For the fifth time this year (sixth if you include Perez’s initial signing bonus), LIV Golf was about to present the 46-year-old journeyman with a massive paycheck. But unlike some of the final rounds Perez had played this year, this time he had contributed to the effort.
“He better have felt some pressure,” Johnson, Perez’s team captain (and anchor), said with a chuckle post-round. “We had to count his score.”
It has been that sort of season for Perez, who has proudly served as the fourth wheel of LIV’s powerhouse team, the Four Aces, en route to victories in five of the upstart league’s first eight events. As a result, Perez won about $8 million in prize money in a season in which he finished no better than 16th in the 48-player, no-cut events — and in which his scores were only occasionally used as part of the league’s team competition.
To some, Perez’s performance was a clear repudiation of LIV’s team format, in which only the low two scorers count toward the team score for the first two rounds, while the low three scores count for the final round. How, the critics wonder, can a league with only 48 players suffer from a freeloader problem? Wasn’t this same dilemma a significant part of the reason why LIV appealed to top PGA Tour players in the first place?
Perhaps not surprisingly, Perez was unworried by the existential implications of his year.
“Yeah, all the push-back, all the negative comments, everything we’ve gotten, at this point I really don’t care,” he said. “I mean, I don’t care. I’m paid. I don’t give a damn.”
That much is inarguable. In addition to his $8 million on-course earnings, Perez collected a reported $10 million in additional signing bonus money. At $18ish million, Perez’s earnings from just one year of LIV are close to 60 percent of his career earnings on the PGA Tour, where he won three times.

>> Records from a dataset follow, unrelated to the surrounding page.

(* Let $x=(x_1^\top,\dots,x_m^\top)^\top\in\mathbb R^d$ with $x_i\in\mathbb R^{\bar d}$, and set $x_0=x_{m+1}=0\in\mathbb R^{\bar d}$. Then: (a) writing $\hat x=A^\top Ax=(\hat x_1^\top,\dots,\hat x_m^\top)^\top$ with $\hat x_i\in\mathbb R^{\bar d}$, we have $\mathrm{supp}(\hat x_i)\subset\mathrm{supp}(x_{i-1})\cup\mathrm{supp}(x_i)\cup\mathrm{supp}(x_{i+1})$ for all $i\in[1,m]$; (b) for any $\eta>0$, writing $\tilde x=\mathrm{prox}_{\eta g}(x)=(\tilde x_1^\top,\dots,\tilde x_m^\top)^\top$ with $\tilde x_i\in\mathbb R^{\bar d}$, we have $\mathrm{supp}(\tilde x_i)\subset\mathrm{supp}(x_{i-1})\cup\mathrm{supp}(x_i)\cup\mathrm{supp}(x_{i+1})$ for all $i\in[1,m]$.
   Context: $\mathrm{supp}(z)=\{j:[z]_j\ne0\}$. Let $L_f>0$, $\beta>0$, integers $m_1\ge2$, $m_2\ge1$ with $m_1m_2$ even, $m=3m_1m_2$, $\bar d\ge5$ odd, $d=m\bar d$. $J_p\in\mathbb R^{(p-1)\times p}$ has $-1$ at $(k,k)$, $1$ at $(k,k+1)$, zero elsewhere. $\mathcal M=\{im_1:i=1,\dots,3m_2-1\}$, $\mathcal M^C=\{1,\dots,m-1\}\setminus\mathcal M$, $A=mL_f(J_{\mathcal M^C}\otimes I_{\bar d})$ with $J_{\mathcal M^C}$ the rows of $J_m$ indexed by $\mathcal M^C$. $g(x)=\beta\sum_{i\in\mathcal M}\|x_i-x_{i+1}\|_1$ and $\mathrm{prox}_{\eta g}(x)=\arg\min_{x'}\{g(x')+\frac1{2\eta}\|x'-x\|^2\}$. (In the paper $\beta$ additionally satisfies $\beta>(50\pi+1+\|A\|)\sqrt m\,\epsilon$ for a fixed $\epsilon\in(0,1)$.) *)

From HB Require Import structures.
From mathcomp Require Import all_boot all_order all_algebra.
From mathcomp Require Import all_classical all_reals all_analysis.
From mathcomp Require Import mxtens.
Set Implicit Arguments. Unset Strict Implicit. Unset Printing Implicit Defensive.
Import Order.TTheory GRing.Theory Num.Theory.
Local Open Scope ring_scope.

Section Defs.
Variable R : realType.

Definition supp n (z : 'cV[R]_n) : {set 'I_n} := [set j | z j 0 != 0].

Definition norm2 n (z : 'cV[R]_n) : R := Num.sqrt (\sum_(j < n) z j 0 ^+ 2).
Definition norm1 n (z : 'cV[R]_n) : R := \sum_(j < n) `|z j 0|.

Definition opnorm p q (A : 'M[R]_(p, q)) : R :=
  sup [set r | exists v : 'cV[R]_q, norm2 v <= 1 /\ r = norm2 (A *m v)].

(* J_p in R^{(p-1) x p}: row k (1-based) has -1 at column k, +1 at column k+1.
   Here with 0-based indices. *)
Definition Jmat p : 'M[R]_(p.-1, p) :=
  \matrix_(k < p.-1, j < p)
    (if val j == val k then -1 else if val j == (val k).+1 then 1 else 0).

(* M = { i*m1 : i = 1..3m2-1 } as a set of (0-based) row indices of J_m
   (row r : 'I_(m.-1) corresponds to the 1-based index r+1). *)
Definition Mset (m m1 m2 : nat) : {set 'I_(m.-1)} :=
  [set r : 'I_(m.-1) | [exists i : 'I_(3 * m2), (0 < val i)%N && (r.+1 == val i * m1)%N]].

Definition MCset (m m1 m2 : nat) : {set 'I_(m.-1)} := ~: Mset m m1 m2.

Definition JMC (m m1 m2 : nat) : 'M[R]_(#|MCset m m1 m2|, m) :=
  \matrix_(r, j) Jmat m (enum_val r) j.

Definition Amat (m m1 m2 dbar : nat) (Lf : R) :
  'M[R]_(#|MCset m m1 m2| * dbar, m * dbar) :=
  (m%:R * Lf) *: tensmx (JMC m m1 m2) (1%:M : 'M[R]_dbar).

(* block x_i (1-based i) of x = (x_1^T,...,x_m^T)^T; x_0 = x_{m+1} = 0
   (and more generally x_i = 0 outside 1..m) *)
Definition blk (m dbar : nat) (x : 'cV[R]_(m * dbar)) (i : nat) : 'cV[R]_dbar :=
  match (if i is j.+1 then insub j else None) : option 'I_m with
  | Some k => \col_(a < dbar) x (mxtens_index (k, a)) 0
  | None => 0
  end.

Definition gfun (m m1 m2 dbar : nat) (beta : R) (x : 'cV[R]_(m * dbar)) : R :=
  beta * \sum_(r in Mset m m1 m2) norm1 (blk x (val r).+1 - blk x (val r).+2).

Definition is_prox (m m1 m2 dbar : nat) (beta eta : R) (x y : 'cV[R]_(m * dbar)) : Prop :=
  forall y' : 'cV[R]_(m * dbar),
    gfun m1 m2 beta y + (2 * eta)^-1 * norm2 (y - x) ^+ 2
    <= gfun m1 m2 beta y' + (2 * eta)^-1 * norm2 (y' - x) ^+ 2.

End Defs.

Arguments Amat {R} m m1 m2 dbar Lf.
Arguments JMC {R} m m1 m2.
Arguments Mset m m1 m2.
Arguments MCset m m1 m2.

From HB Require Import structures.
From mathcomp Require Import all_boot all_order all_algebra.
From mathcomp Require Import all_classical all_reals all_analysis.
From mathcomp Require Import mxtens.
From mathcomp Require Import zify.
Set Implicit Arguments. Unset Strict Implicit. Unset Printing Implicit Defensive.
Import Order.TTheory GRing.Theory Num.Theory.
Local Open Scope ring_scope.

(* (a) A^T A = (m L_f)^2 (J_{M^C}^T J_{M^C} (x) I), and J_{M^C}^T J_{M^C} is
   tridiagonal because every row of J_m is supported on two adjacent columns.
   (b) The terms of g couple blocks j, j+1 only for j in M, and as 2 <= m1 no
   two couplings are consecutive, so the blocks tied to block i form a set
   closed under coupling.  If coordinate a of x vanishes on blocks i-1, i, i+1,
   zeroing coordinate a of the prox on that set does not increase g (every
   coupled pair is zeroed on both sides or on neither) and strictly decreases
   the distance to x unless the prox already vanishes there. *)

Section BlockSupports.
Variable R : realType.

Lemma supp_subsetU3 n (u v w z : 'cV[R]_n) :
  (forall a, u a 0 = 0 -> v a 0 = 0 -> w a 0 = 0 -> z a 0 = 0) ->
  supp z \subset supp u :|: supp v :|: supp w.
Proof.
move=> uvwz; apply/fintype.subsetP => a; rewrite !inE; apply: contraR.
by rewrite !negb_or => /andP[/andP[/negPn/eqP u0 /negPn/eqP v0] /negPn/eqP w0]; rewrite uvwz.
Qed.

Lemma blkE m d (x : 'cV[R]_(m * d)) (k : 'I_m) a :
  blk x k.+1 a 0 = x (mxtens_index (k, a)) 0.
Proof.
rewrite /blk; case: insubP => [k' _ k'k|]; last by rewrite ltn_ord.
by rewrite mxE; congr (x (mxtens_index (_, a)) 0); exact: val_inj.
Qed.

Lemma blk_index m i : (1 <= i <= m)%N -> exists k : 'I_m, i = k.+1.
Proof. by case: i => // i im; exists (Ordinal im). Qed.

Definition adjacent_support n p (J : 'M[R]_(n, p)) : Prop :=
  forall e j j', J e j != 0 -> J e j' != 0 -> (j <= j'.+1)%N.

Lemma gram_neq0_near n p (J : 'M[R]_(n, p)) (j j' : 'I_p) :
  adjacent_support J -> (J^T *m J) j j' != 0 -> ((j' <= j.+1) && (j <= j'.+1))%N.
Proof.
move=> adjJ; apply: contraNT => far; rewrite mxE big1 // => e _; rewrite mxE.
have [-> | Jj] := eqVneq (J e j) 0; first by rewrite mul0r.
have [-> | Jj'] := eqVneq (J e j') 0; first by rewrite mulr0.
by move: far; rewrite (adjJ _ _ _ Jj Jj') (adjJ _ _ _ Jj' Jj).
Qed.

Lemma Jmat_adjacent_support p : adjacent_support (Jmat R p).
Proof.
have Jnz e (j : 'I_p) : Jmat R p e j != 0 -> (j == e :> nat) || (j == e.+1 :> nat).
  by rewrite mxE /=; case: ifP => [/eqP|_]; [lia | case: ifP => [/eqP|]]; [lia | rewrite eqxx].
by move=> e j j' /Jnz Jj /Jnz Jj'; lia.
Qed.

Lemma JMC_adjacent_support m m1 m2 : adjacent_support (JMC m m1 m2 : 'M[R]_(_, _)).
Proof.
have JMCE e j : JMC m m1 m2 e j = Jmat R m (enum_val e) j by rewrite mxE.
by move=> e j j'; rewrite !JMCE; exact: Jmat_adjacent_support.
Qed.

Lemma Amat_gram m m1 m2 d Lf :
  (Amat m m1 m2 d Lf)^T *m Amat m m1 m2 d Lf
  = (m%:R * Lf) ^+ 2 *: ((JMC m m1 m2)^T *m JMC m m1 m2 *t (1%:M : 'M[R]_d)).
Proof.
rewrite /Amat [_^T]linearZ /= -scalemxAl -scalemxAr scalerA -expr2.
by rewrite trmx_tens tensmx_mul trmx1 mul1mx.
Qed.

Lemma tens1_mulmxE m n d (M : 'M[R]_(m, n)) (x : 'cV[R]_(n * d)) k a :
  ((M *t (1%:M : 'M[R]_d)) *m x) (mxtens_index (k, a)) 0
  = \sum_k' M k k' * x (mxtens_index (k', a)) 0.
Proof.
pose F k' b := (M *t (1%:M : 'M[R]_d)) (mxtens_index (k, a)) (mxtens_index (k', b))
               * x (mxtens_index (k', b)) 0.
transitivity (\sum_k' \sum_b F k' b).
  rewrite pair_bigA mxE (reindex (@mxtens_index n d)) /=; first by apply: eq_bigr => -[].
  by exists (@mxtens_unindex n d) => idx _; [exact: mxtens_indexK | exact: mxtens_unindexK].
apply: eq_bigr => k' _; rewrite (bigD1 a) //= big1 => [|b ba]; rewrite /F tensmxE mxE.
  by rewrite eqxx mulr1 addr0.
by rewrite eq_sym (negbTE ba) mulr0 mul0r.
Qed.

Lemma Amat_gram_blk_eq0 m m1 m2 d Lf (x : 'cV[R]_(m * d)) (k : 'I_m) a :
  blk x k a 0 = 0 -> blk x k.+1 a 0 = 0 -> blk x k.+2 a 0 = 0 ->
  blk ((Amat m m1 m2 d Lf)^T *m Amat m m1 m2 d Lf *m x) k.+1 a 0 = 0.
Proof.
move=> x0 x1 x2.
have x_near0 (k' : 'I_m) : (k' <= k.+1)%N -> (k <= k'.+1)%N -> x (mxtens_index (k', a)) 0 = 0.
  move=> k'k kk'; rewrite -blkE.
  by have [->|[->|->]] : k'.+1 = k \/ k'.+1 = k.+1 \/ k'.+1 = k.+2 by lia.
rewrite blkE Amat_gram -scalemxAl mxE tens1_mulmxE big1 ?mulr0 // => k' _.
have [-> | ] := eqVneq (((@JMC R m m1 m2)^T *m JMC m m1 m2) k k') 0; first by rewrite mul0r.
by case/(gram_neq0_near (@JMC_adjacent_support m m1 m2))/andP => k'k kk'; rewrite x_near0 ?mulr0.
Qed.

(* [linked j]: g contains the term ||x_j - x_(j+1)||_1 (1-based blocks). *)
Definition linked m m1 m2 (j : nat) : bool :=
  [exists r : 'I_m.-1, (r \in Mset m m1 m2) && (r.+1 == j)%N].

Lemma linked_dvd m m1 m2 j : linked m m1 m2 j -> (m1 %| j)%N.
Proof.
case/existsP => r /andP[]; rewrite inE => /existsP[i /andP[_ /eqP ->]] /eqP <-.
exact: dvdn_mull.
Qed.

Lemma linked_nonconsecutive m m1 m2 j :
  (2 <= m1)%N -> linked m m1 m2 j -> ~~ linked m m1 m2 j.+1.
Proof.
move=> m1_ge2 /linked_dvd m1j; apply/negP => /linked_dvd.
by rewrite -addn1 dvdn_addr // dvdn1 => /eqP m1_1; rewrite m1_1 in m1_ge2.
Qed.

Definition cluster m m1 m2 (i j : nat) : bool :=
  [|| j == i, (j.+1 == i) && linked m m1 m2 j | (j == i.+1) && linked m m1 m2 i].

Lemma cluster_linked m m1 m2 i j : (2 <= m1)%N -> linked m m1 m2 j ->
  cluster m m1 m2 i j = cluster m m1 m2 i j.+1.
Proof.
move=> m1_ge2 lj; have nlj1 := linked_nonconsecutive m1_ge2 lj.
rewrite /cluster lj (negbTE nlj1) andbT andbF eqSS.
have [ji1 | _] := eqVneq j i.+1.
  have /negbTE -> : ~~ linked m m1 m2 i.
    by apply: contraTN lj => /(linked_nonconsecutive m1_ge2); rewrite ji1.
  by rewrite ji1 !andbF; lia.
by case: eqVneq => [<-|]; rewrite ?lj ?andbT ?andbF; lia.
Qed.

Definition zero_on n (S : pred 'I_n) (z : 'cV[R]_n) : 'cV[R]_n :=
  \col_j (if S j then 0 else z j 0).

Lemma norm2_sqr n (z : 'cV[R]_n) : norm2 z ^+ 2 = \sum_j z j 0 ^+ 2.
Proof. by rewrite sqr_sqrtr // sumr_ge0 // => j _; exact: sqr_ge0. Qed.

Lemma norm2_zero_on_lt n (S : pred 'I_n) (x z : 'cV[R]_n) j0 :
  (forall j, S j -> x j 0 = 0) -> S j0 -> z j0 0 != 0 ->
  norm2 (zero_on S z - x) ^+ 2 < norm2 (z - x) ^+ 2.
Proof.
move=> xS Sj0 zj0; rewrite !norm2_sqr (bigD1 j0) //= [X in _ < X](bigD1 j0) //=.
apply: ltr_leD.
  by rewrite !mxE Sj0 xS // subrr subr0 expr0n exprn_even_gt0.
apply: ler_sum => j _; rewrite !mxE; case: ifP => Sj //.
by rewrite xS // subrr expr0n sqr_ge0.
Qed.

Definition blk_coord m d (Z : pred nat) (a : 'I_d) : pred 'I_(m * d) :=
  fun idx => ((mxtens_unindex idx).2 == a) && Z (mxtens_unindex idx).1.+1.

Lemma blk_zero_on m d Z a (z : 'cV[R]_(m * d)) j b :
  blk (zero_on (blk_coord Z a) z) j b 0 = if (b == a) && Z j then 0 else blk z j b 0.
Proof.
case: j => [|j]; first by rewrite /blk /= mxE if_same.
rewrite /blk; case: insubP => [k _ kj|_]; last by rewrite mxE if_same.
by rewrite !mxE /blk_coord mxtens_indexK /= kj.
Qed.

Lemma gfun_zero_on m m1 m2 d beta (Z : pred nat) a (z : 'cV[R]_(m * d)) :
  0 <= beta -> (forall j, linked m m1 m2 j -> Z j = Z j.+1) ->
  gfun m1 m2 beta (zero_on (blk_coord Z a) z) <= gfun m1 m2 beta z.
Proof.
move=> beta_ge0 Zlinked; rewrite /gfun ler_wpM2l //.
apply: ler_sum => r rM; apply: ler_sum => b _.
rewrite !mxE !blk_zero_on (Zlinked (val r).+1); last by apply/existsP; exists r; rewrite rM eqxx.
by case: (_ && _); rewrite ?subrr ?normr0.
Qed.

Lemma prox_blk_eq0 m m1 m2 d beta eta (x xt : 'cV[R]_(m * d)) (k : 'I_m) a :
  (2 <= m1)%N -> 0 <= beta -> 0 < eta -> is_prox m1 m2 beta eta x xt ->
  blk x k a 0 = 0 -> blk x k.+1 a 0 = 0 -> blk x k.+2 a 0 = 0 ->
  blk xt k.+1 a 0 = 0.
Proof.
move=> m1_ge2 beta_ge0 eta_gt0 xt_prox x0 x1 x2; apply/eqP/negPn/negP => xt_neq0.
pose S : pred 'I_(m * d) := blk_coord (cluster m m1 m2 k.+1) a.
have xS idx : S idx -> x idx 0 = 0.
  case: (mxtens_indexP idx) => k' b; rewrite /S /blk_coord mxtens_indexK /= -blkE.
  by case/andP => /eqP -> /or3P[/eqP[->] | /andP[/eqP[->] _] | /andP[/eqP-> _]].
have S_ka : S (mxtens_index (k, a)) by rewrite /S /blk_coord mxtens_indexK /= /cluster !eqxx.
have g_le : gfun m1 m2 beta (zero_on S xt) <= gfun m1 m2 beta xt.
  exact: gfun_zero_on beta_ge0 (fun j => cluster_linked k.+1 m1_ge2).
have xt_ka : xt (mxtens_index (k, a)) 0 != 0 by rewrite -blkE.
have q_lt := norm2_zero_on_lt xS S_ka xt_ka.
have := xt_prox (zero_on S xt); rewrite leNgt => /negP; apply.
by apply: ler_ltD => //; rewrite ltr_pM2l ?invr_gt0 ?mulr_gt0.
Qed.

End BlockSupports.

Theorem lemma8 (R : realType) (Lf beta eps : R) (m1 m2 m dbar : nat)
  (hLf : 0 < Lf) (hbeta : 0 < beta)
  (hm1 : (2 <= m1)%N) (hm2 : (1 <= m2)%N) (hev : ~~ odd (m1 * m2))
  (hm : m = (3 * m1 * m2)%N)
  (hdbar5 : (5 <= dbar)%N) (hdbarodd : odd dbar)
  (heps : 0 < eps < 1)
  (hbeta_eps : beta > (50 * pi + 1 + opnorm (Amat m m1 m2 dbar Lf))
                        * Num.sqrt (m%:R) * eps)
  (x : 'cV[R]_(m * dbar)) :
  (forall i : nat, (1 <= i <= m)%N ->
     supp (blk ((Amat m m1 m2 dbar Lf)^T *m (Amat m m1 m2 dbar Lf) *m x) i)
       \subset supp (blk x i.-1) :|: supp (blk x i) :|: supp (blk x i.+1))
  /\
  (forall eta : R, 0 < eta ->
   forall xt : 'cV[R]_(m * dbar), is_prox m1 m2 beta eta x xt ->
   forall i : nat, (1 <= i <= m)%N ->
     supp (blk xt i)
       \subset supp (blk x i.-1) :|: supp (blk x i) :|: supp (blk x i.+1)).
Proof.
split=> [i /blk_index[k ->] | eta eta_gt0 xt xt_prox i /blk_index[k ->]];
  apply: supp_subsetU3 => a x0 x1 x2.
- exact: Amat_gram_blk_eq0.
- exact: prox_blk_eq0 hm1 (ltW hbeta) eta_gt0 xt_prox x0 x1 x2.
Qed.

But the bigger question remains, is Perez’s performance a reflection of LIV’s successes, or of its failures?
It’s clear that money isn’t the only benefit of LIV’s team-focused concept (“I feel like I’m really part of something that I’ve never been part of,” Perez said Sunday.) But it’s equally obvious that for those on the winning side of the ledger, the money sure doesn’t hurt, either, even if it means riding some coattails to get there.
“Dustin, $35 million season, how do you sum up this year?” a member of the press asked a short while after the trophy ceremony ended.
Before Johnson could respond, his teammate interrupted.
“That’s split four ways, by the way.”
Perez was, of course, joking. Johnson’s $35 million in earnings are fully his. But Perez might not have been kidding about his debt of gratitude owed to Johnson, the captain who changed Perez’s life (and bank account) by drafting him to the Four Aces.
“[His photo is] right over my side of the bed,” Perez said. “He’ll be right over me, so I can thank him every night again.”